Directions ▸ Set down exactly the first line of the entries and every line after it, through the line with "- split=> [gauge_dxy0".

..........

Lemma gauge_Gmetric : is_Gmetric le d -> is_Gmetric (fun u v : R => u <= v) dR.
Proof.
case=> d0 d_ge0 dC dtri; split=> [x y | x y | x y | x y z].
- split=> [gauge_dxy0 | ->]; last by rewrite (proj2 (d0 y y) erefl) (gauge0 R a leG).
  apply: NNPP => neq; have dxy_gt0 : glt le 0 (d x y) by split=> // /esym/d0.
  have [N leaN] := a_least dxy_gt0.
  by have := gauge_gt0 R leG dxy_gt0 leaN; rewrite gauge_dxy0 ltxx.
- exact: gauge_ge0.
- by rewrite dC.
- exact: (gauge_subadd R a leG (dtri x y z)).
Qed.

Lemma gauge_ball_sub_Gball x r : glt le 0 r ->
  exists2 e : R, 0 < e & Gball (fun u v : R => u <= v) dR x e `<=` Gball le d x r.
Proof.
move=> r_gt0; have [N leaN] := a_least r_gt0.
exists N.+1%:R^-1; first by rewrite invr_gt0 ltr0n.
by move=> y /glt_ler /(gauge_lt_inv_glt leG r_gt0 leaN).
Qed.

Lemma Gball_sub_gauge_ball x (e : R) : is_Gmetric le d -> 0 < e ->
  exists2 r, glt le 0 r & Gball le d x r `<=` Gball (fun u v : R => u <= v) dR x e.
Proof.
case=> d0 d_ge0 _ _ e_gt0.
case: (loag_least_pos_or_halving leG) => [[m m_gt0 m_least] | halving].
  exists m => // y ltdm; apply/glt_ler.
  suff -> : d x y = 0 by rewrite (gauge0 R a leG).
  apply: NNPP => neq; apply: (glt_le_asym leG ltdm); apply: m_least.
  by split=> // /esym.
pose n := Num.Def.archi_bound e^-1.
have lt_inv_e_n : e^-1 < n%:R by apply: archi_boundP; rewrite invr_ge0 ltW.
have n_gt0 : (0 < n)%N.
  by rewrite -(ltr0n R); apply: le_lt_trans lt_inv_e_n; rewrite invr_ge0 ltW.
have [h h_gt0 lehn] := loag_halving_small_multiple leG halving n a_gt0.
exists h => // y [ledh _]; apply/glt_ler; have [_ _ trans _ _] := leG.
have ledn := trans _ _ _ (loag_muln2 leG n ledh) lehn.
apply: le_lt_trans (gauge_le_inv R n_gt0 ledn) _.
by rewrite invf_plt ?posrE ?ltr0n.
Qed.

Lemma gauge_Met : Met le d -> Met (fun u v : R => u <= v) dR.
Proof.
case=> dG dtop; split; first exact: gauge_Gmetric.
move=> U; rewrite dtop; split=> Uball x /Uball [r [r_gt0 sub]].
- have [e e_gt0 sube] := gauge_ball_sub_Gball x r_gt0.
  by exists e; split; [apply/glt_ler | apply: subset_trans sub].
- have [r' r'_gt0 sub'] := Gball_sub_gauge_ball x dG (glt_ler.1 r_gt0).
  by exists r'; split; last apply: subset_trans sub.
Qed.

End GaugeMetric.

Theorem proposition2p45 (X : topologicalType) :
  in_MG_nat X 1 ->
  forall R : realType, exists d : X -> X -> R, Met (fun a b : R => (a <= b)%R) d.
Proof.
move=> [G [le [leG char1 [d dMet]]]] R.
have [a a_gt0 a_least] := char1_least_arc_class leG char1.
by exists (fun x y => gauge le R a (d x y)); apply: gauge_Met.
Qed.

..........

Solution to the exercise ▸
Lemma gauge_Gmetric : is_Gmetric le d -> is_Gmetric (fun u v : R => u <= v) dR.
Proof.
case=> d0 d_ge0 dC dtri; split=> [x y | x y | x y | x y z].
- split=> [gauge_dxy0 | ->]; last by rewrite (proj2 (d0 y y) erefl) (gauge0 R a leG).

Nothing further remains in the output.